We can wrap these two lines in a function check_base_options, but might be an overkill...

Luthaf

The code and checks looks pretty good, I think we need more documentation about this in the contributors documentation.

Is there a tool that can create a (non-ideal) schema from an example YAML file? We could recommend it as a starting point.

Luthaf · 2024-06-20T10:04:32Z

src/metatrain/experimental/gap/schema-hypers.json

+    "model": {
+      "type": "object",
+      "properties": {
+        "soap": {


it would be interesting to check if we can automatically import rascaline's JSON schema file here.

Might be very cool. But then we have to generate this schemas dynamically based on the location of rascaline or what do have in mind?

rascaline currently does not distribute schema (they are only used for documentation generation). I was thinking we could copy the file from rascaline next to this one, and update it whenever we update the pin on rascaline version

Yes, sounds like a good idea. If there is a way to use a distributed schema we can try it once we changed the schema in rascaline.

tests/cli/test_train_model.py

PicoCentauri · 2024-06-21T09:01:13Z

The code and checks looks pretty good, I think we need more documentation about this in the contributors documentation.

Yes sure I can add additional information in the section about adding a new architecture.

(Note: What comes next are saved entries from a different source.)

Lemma coef_extractor (W : lmodType F) (e0 : 'I_N) :
  exists c : 'I_N -> F, forall (T : finType) (deg : T -> 'I_N) (G : T -> W),
    \sum_j c j *: \sum_t y j ^+ deg t *: G t = \sum_(t | deg t == e0) G t.
Proof.
have [c c_dual] := vandermonde_dual_basis e0.
exists c => T deg G; under eq_bigr do rewrite scaler_sumr.
rewrite exchange_big [RHS]big_mkcond /=; apply: eq_bigr => t _.
under eq_bigr do rewrite scalerA; rewrite -scaler_suml c_dual.
by case: eqP; rewrite ?scale1r ?scale0r.
Qed.
End CoefficientExtraction.

Section BaseExpansion.
Local Open Scope nat_scope.
Definition base_value {L n} (u : 'I_n -> 'I_L) : nat := \sum_(i < n) u i * L ^ i.

Lemma base_value_max {L n} (u : 'I_n -> 'I_L) : base_value u <= (L ^ n).-1.
Proof.
rewrite predn_exp big_distrr; apply: leq_sum => i _.
by rewrite leq_mul2r -ltnS (ltn_predK (ltn_ord (u i))) ltn_ord orbT.
Qed.

Lemma base_value_inj {L n} (u v : 'I_n -> 'I_L) : base_value u = base_value v -> u =1 v.
Proof.
elim: n u v => [|m IH] u v; first by move=> _ [].
rewrite /base_value !big_ord_recl !expn0 !muln1.
under eq_bigr do rewrite lift0 expnS mulnCA.
under [X in _ = _ + X]eq_bigr do rewrite lift0 expnS mulnCA.
rewrite -!big_distrr /= => uv.
have L_gt0 : 0 < L by apply: leq_ltn_trans (ltn_ord (u ord0)).
have uv0 : u ord0 = v ord0.
  apply: val_inj; have := congr1 (modn^~ L) uv.
  by rewrite !(addnC _ (L * _)) !(mulnC L) !modnMDl !modn_small.
move: uv; rewrite uv0 => /addnI/eqP; rewrite eqn_mul2l gtn_eqF //= => /eqP uv_lift.
move=> i; case: (unliftP ord0 i) => [j ->|->] //; exact: IH _ _ uv_lift j.
Qed.
End BaseExpansion.

Lemma sum_ffun_diag (J I : finType) (M : nmodType) (G : {ffun J * 'I_2 -> I} -> M) :
  \sum_(t : {ffun J * 'I_2 -> I} | [forall j, t (j, ord0) == t (j, ord_max)]) G t =
  \sum_(s : {ffun J -> I}) G [ffun p => s p.1].
Proof.
rewrite (reindex_onto (fun s : {ffun J -> I} => [ffun p => s p.1])
                      (fun t : {ffun J * 'I_2 -> I} => [ffun j => t (j, ord0)])) /=; last first.
  move=> t /forallP t_diag; apply/ffunP => -[j k]; rewrite !ffunE /=.
  case: k => -[|[|//]] k_lt; first by congr (t (j, _)); apply: val_inj.
  by rewrite (eqP (t_diag j)); congr (t (j, _)); apply: val_inj.
apply: eq_bigl => s; apply/andP; split.
  by apply/forallP => j; rewrite !ffunE.
by apply/eqP/ffunP => j; rewrite !ffunE.
Qed.

Section EncodingDegree.
Context {L n : nat}.

Definition slot_degree (p : slot n) (s : 'I_L) : nat :=
  ((if p.2 == ord0 then s : nat else L - 1 - s) * L ^ p.1)%N.

Definition encoding_degree (t : {ffun slot n -> 'I_L}) : nat :=
  (\sum_p slot_degree p (t p))%N.

Lemma encodeE (F : fieldType) (V : slot n -> lmodType F) (A : forall p, 'I_L -> V p) a p :
  encode A a p = \sum_(s < L) a ^+ slot_degree p s *: A p s.
Proof. by rewrite /encode /slot_degree; case: ifP. Qed.

Lemma encoding_degree_base (t : {ffun slot n -> 'I_L}) :
  (encoding_degree t + base_value (fun i => t (i, ord_max)) =
   base_value (fun i => t (i, ord0)) + (L ^ n).-1)%N.
Proof.
rewrite /encoding_degree (eq_bigr (fun p => slot_degree (p.1, p.2) (t (p.1, p.2)))) => [|[]//].
rewrite -(pair_bigA _ (fun i k => slot_degree (i, k) (t (i, k)))) /=.
rewrite /base_value predn_exp big_distrr -!big_split /=; apply: eq_bigr => i _.
rewrite !big_ord_recl big_ord0 addn0 /slot_degree /=.
have -> : lift ord0 (ord0 : 'I_1) = ord_max :> 'I_2 by apply: val_inj.
rewrite -addnA -mulnDl subn1 subnK //.
by rewrite -ltnS (ltn_predK (ltn_ord (t (i, ord0)))).
Qed.

Lemma encoding_degree_lt (t : {ffun slot n -> 'I_L}) :
  (0 < L)%N -> (encoding_degree t < 2 * L ^ n - 1)%N.
Proof.
move=> L_gt0; have : (0 < L ^ n)%N by rewrite expn_gt0 L_gt0.
have := encoding_degree_base t.
have := base_value_max (fun i => t (i, ord0)).
have := base_value_max (fun i => t (i, ord_max)).
lia.
Qed.

Lemma encoding_degree_eq (t : {ffun slot n -> 'I_L}) :
  (encoding_degree t == (L ^ n).-1) = [forall i, t (i, ord0) == t (i, ord_max)].
Proof.
have deg_base := encoding_degree_base t.
apply/eqP/forallP => [deg_eq | t_diag].
  move: deg_base; rewrite deg_eq addnC => /addIn/base_value_inj t_diag i.
  by rewrite t_diag.
move: deg_base; rewrite [base_value _](eq_bigr (fun i => t (i, ord0) * L ^ i)%N).
  by rewrite addnC => /addnI.
by move=> i _; rewrite (eqP (t_diag i)).
Qed.
End EncodingDegree.

Lemma multilinear_encode (F : fieldType) (n L : nat) (V : slot n -> lmodType F)
    (W : lmodType F) (Phi : (forall p, V p) -> W) (A : forall p, 'I_L -> V p) a :
  multilinear Phi ->
  Phi (encode A a) =
  \sum_(t : {ffun slot n -> 'I_L}) a ^+ encoding_degree t *: Phi (fun p => A p (t p)).
Proof.
move=> Phi_ml.
have -> : encode A a = fun p => \sum_(s < L) a ^+ slot_degree p s *: A p s.
  by apply: functional_extensionality_dep => p; rewrite encodeE.
by rewrite multilinear_expand //; apply: eq_bigr => t _; rewrite prodrXr.
Qed.

Theorem corollary1 (F : fieldType) (F_infinite : forall s : seq F, exists a : F, a \notin s)
    (n L f : nat) (hL : (2 < L)%N)
    (V : slot n -> lmodType F) (W : lmodType F) (Phi : (forall p, V p) -> W)
    (hPhi : multilinear Phi)
    (x : 'I_(resilient_number n L f) -> F) (hx : injective x)
    (Fail : {set 'I_(resilient_number n L f)}) (hFail : (#|Fail| <= f)%N) :
  (exists dec : ({k : 'I_(resilient_number n L f) | k \notin Fail} -> W) -> W,
     forall A : forall p : slot n, 'I_L -> V p,
       dec (fun k => Phi (encode A (x (val k)))) = sigma_final Phi A)
  /\
  ((L ^ n * (f + 1))%N%:Z - (resilient_number n L f)%:Z
     = ((L ^ n)%N%:Z - 1) * (f%:Z - 1))%R.
Proof.
have L_gt0 : (0 < L)%N by apply: ltnW (ltnW hL).
have Ln_gt0 : (0 < L ^ n)%N by rewrite expn_gt0 L_gt0.
split; last by rewrite /resilient_number; move: (L ^ n)%N Ln_gt0 => X X_gt0; lia.
pose N := (2 * L ^ n - 1)%N.
have N_alive : (N <= #|{: {k | k \notin Fail}}|)%N.
  rewrite card_sig (eq_card (B := ~: Fail)) => [|k]; last by rewrite !inE.
  have := cardsC Fail; rewrite card_ord; move: #|Fail| #|~: Fail| hFail => a b.
  by rewrite /resilient_number /N; move: (L ^ n)%N => X; lia.
pose worker (j : 'I_N) := enum_val (widen_ord N_alive j).
have worker_inj : injective (fun j => x (val (worker j))).
  by move=> i j /hx/val_inj/enum_val_inj/(congr1 val) /= /val_inj.
have e0_lt : ((L ^ n).-1 < N)%N by rewrite /N; move: (L ^ n)%N Ln_gt0 => X; lia.
have [c extract] := coef_extractor worker_inj W (Ordinal e0_lt).
exists (fun g => \sum_j c j *: g (worker j)) => A.
under eq_bigr do rewrite multilinear_encode //.
have /= -> := extract _ (fun t => Ordinal (encoding_degree_lt t L_gt0))
                        (fun t => Phi (fun p => A p (t p))).
under eq_bigl do rewrite -val_eqE /= encoding_degree_eq.
rewrite sum_ffun_diag; apply: eq_bigr => s _; congr Phi.
by apply: functional_extensionality_dep => p; rewrite ffunE.
Qed.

Is there a tool that can create a (non-ideal) schema from an example YAML file? We could recommend it as a starting point.

I checked a couple tools in the beginning, but all of them are not great. In the end, I used CHATGPT for generating, which was much better compared the other tools. I think it is okay if we can recommend this.

Luthaf · 2024-06-21T11:29:14Z

In the end, I used CHATGPT for generating, which was much better compared the other tools. I think it is okay if we can recommend this.

We can suggest some tools with their limitations, and say that we also had good success using ChatGPT/LLM for this!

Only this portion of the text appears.